The scariest place is the drugstore. It’s insides are wrapped in police tape. The steps to their dance are very complicated. I believe it’s a type of voodoo dance. Two steps forward. Three steps to the left. Two steps to the right. Four steps to the counter and doe-se-doe to the corner. One two three, one two three and then run like hell.
Sometimes Sue, Buster and I come home, start the wood-stove, leave the stove door open and smoke ourselves. We don’t think the virus likes smoke. It’s a theory.
“Hi Larry. How are you doing?”
Back step, one, two, three. Stop. Side step off the curve and one, two, three forward. Watch for cars.
Not only that. When I was in the liquor store in Port Hawkesbury, I heard a server ask for an air miles card. I just stood there. I heard it again. I looked at my cashier. She was moving her lips. So, I figured she must’ve wanted my card.
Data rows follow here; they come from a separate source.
(* One greedy step: the window starting at k satisfies the hypotheses of the
   finite lemma, whose blue path is appended to the current one. *)
Lemma blue_run_extend N (c : {set 'I_N} -> bool) k :
  no_short_red_cycle c -> k + 10 < N -> blue_run c k -> exists2 k', k < k' & blue_run c k'.
Proof.
move=> noc room [x [p [w [bp lastp below len /andP[hw bw]]]]].
rewrite /= in lastp hw.
pose sh := shift room.
have sh0 : sh ord0 = last x p by apply: val_inj; rewrite /= lastp.
have start : exists u v : 'I_11,
    [/\ val u = 0, 1 <= val v <= 3 & blue_rel H (window_colouring room c) u v].
  have hv : w - k < 11 by lia.
  have shv : sh (Ordinal hv) = w by apply: val_inj => /=; lia.
  exists ord0, (Ordinal hv); split=> //; last by rewrite window_blue -/sh shv sh0.
  rewrite /=; lia.
have [k' [k'19 [x' [p' [/= x'0 lastp' bp' below' [[w' /andP[hw' bw']] len']]]]]] :=
  finite_lemma (window_no_short_red_cycle room noc) start.
have x'E : x' = ord0 by apply: val_inj.
subst x'.
move: lastp' hw' below' len'; rewrite /= => lastp' hw' below' len'.
exists (k + k'); first lia.
exists x, (p ++ map sh p'), (sh w').
have last_new : last x (p ++ map sh p') = sh (last ord0 p') by rewrite last_cat -sh0 last_map.
split.
- apply: (is_path_in_cat bp); first by rewrite -sh0; exact: window_blue_path.
  move=> _ /mapP[z zp' ->]; apply/negP => /(allP below) /=.
  have : z != ord0 by apply: contraTneq zp' => ->; case/andP: bp' => /andP[].
  rewrite -val_eqE /=; lia.
- by rewrite last_new /= lastp' addnC.
- rewrite -cat_cons all_cat; apply/andP; split.
    by apply: sub_all below => z /=; lia.
  rewrite all_map; apply/allP => z zp' /=.
  have /= := allP below' z zp'; lia.
- rewrite size_cat size_map; have := count_size (fun w : 'I_11 => 1 <= w <= k') p'.
  lia.
- rewrite last_new -window_blue bw' andbT /=; lia.
Qed.

Lemma blue_run_far N (c : {set 'I_N} -> bool) :
  3 < N -> no_short_red_cycle c -> exists2 k, N <= k + 10 & blue_run c k.
Proof.
move=> N3 noc; have [k0 run0] := blue_run_start N3 noc.
suff far m : forall k, N - k <= m -> blue_run c k -> exists2 k', N <= k' + 10 & blue_run c k'.
  exact: (far _ k0 (leqnn _) run0).
elim: m => [|m IH] k km run; first by exists k => //; lia.
have [far_k|room] := leqP N (k + 10); first by exists k.
have [k' kk' run'] := blue_run_extend noc room run.
by apply: (IH k') => //; lia.
Qed.
Lemma standardized_dim_gt0 : standardized A -> (0 < m)%N -> (0 < n)%N.
Proof.
move=> hA m_gt0; rewrite lt0n; apply/negP => /eqP n0.
have := hA (Ordinal m_gt0); rewrite /norm2 /dot big1 ?sqrtr0 => [/eqP|i _].
  by rewrite eq_sym oner_eq0.
by move: (ltn_ord i); rewrite {2}n0.
Qed.

End Rows.

(* The second search direction of a step: a_r orthonormalized against a_s. *)
Definition tsk_dir (R : rcfType) (m n : nat) (A : 'M[R]_(m, n)) (r s : 'I_m)
  : 'cV[R]_n :=
  let mu := dot (arow A r) (arow A s) in
  (Num.sqrt (1 - mu ^+ 2))^-1 *: (arow A r - mu *: arow A s).

Section TwoSubspaceStep.
Variables (R : rcfType) (m n : nat) (A : 'M[R]_(m, n)) (x xprev : 'cV[R]_n).
Variables (r s : 'I_m).
Local Notation a_r := (arow A r).
Local Notation a_s := (arow A s).
Local Notation mu := (dot a_r a_s).
Local Notation e := (x - xprev).
Hypotheses (unit_r : dot a_r a_r = 1) (unit_s : dot a_s a_s = 1).
Hypothesis mu_lt1 : `|mu| < 1.

Let one_sub_mu2_gt0 : 0 < 1 - mu ^+ 2 := sub1_sqr_gt0 mu_lt1.

(* v is a unit vector, so the second sub-step is also an orthogonal projection. *)
Lemma tsk_dir_unit : dot (tsk_dir A r s) (tsk_dir A r s) = 1.
Proof.
rewrite /tsk_dir; set q := (X in X^-1 *: _).
have hq2 : q * q = 1 - mu ^+ 2 by rewrite -expr2 sqr_sqrtr // ltW.
have q_neq0 : q != 0 by rewrite sqrtr_eq0 -ltNge one_sub_mu2_gt0.
rewrite !(dotZl, dotZr, dotBl, dotBr) unit_r unit_s (dotC a_s a_r).
transitivity (q^-1 * q^-1 * (1 - mu ^+ 2)); first by ring.
by rewrite -hq2; field.
Qed.

Lemma tsk_step_error :
  x - tsk_step A (A *m x) xprev r s = proj (tsk_dir A r s) (proj a_s e).
Proof.
rewrite /tsk_step; cbv zeta; fold (tsk_dir A r s); set v := tsk_dir A r s.
rewrite !mulmx_dot; set y := xprev + _.
have x_sub_y : x - y = proj a_s e.
  by rewrite /y /proj dotBl opprD addrA.
have -> : (dot x a_r - dot x a_s * mu) / Num.sqrt (1 - mu ^+ 2) = dot x v.
  by rewrite /v /tsk_dir dotZr dotBr dotZr mulrC (mulrC (dot x a_s)).
by rewrite opprD addrA -dotBl x_sub_y.
Qed.

(* Error after one step: the first projection removes <e,a_s>^2, the second
   removes <e,a_r - mu a_s>^2 / (1 - mu^2). *)
Lemma tsk_step_sq_error :
  norm2 (x - tsk_step A (A *m x) xprev r s) ^+ 2 =
  dot e e - dot e a_s ^+ 2 - (dot e a_r - mu * dot e a_s) ^+ 2 / (1 - mu ^+ 2).
Proof.
rewrite norm2_sq tsk_step_error proj_sq ?tsk_dir_unit // proj_sq //; congr (_ - _).
rewrite dot_proj /tsk_dir !(dotZr, dotBr) unit_s (dotC a_s a_r) mulr1 subrr.
rewrite !mulr0 subr0 exprMn exprVn sqr_sqrtr ?(ltW one_sub_mu2_gt0) //.
exact: mulrC.
Qed.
I eventually dug out my air miles card.
“Thank-you,” she said.
“Pretty good,” I replied, as I fingered the tape measure in my left hand pocket.
“Have yourself a nice day, sir.”
“Go Leafs go.”
But, I’m doing good. I feel good. I feel wonderful. I’m baby-stepping. I’m sanitizing.
“How long is this going to last?” I’m asked.
“Pretty good. Go Leafs go.” One, two, three.
Pull out my tape measure. Measure. Measure. Sanitize. Sanitize.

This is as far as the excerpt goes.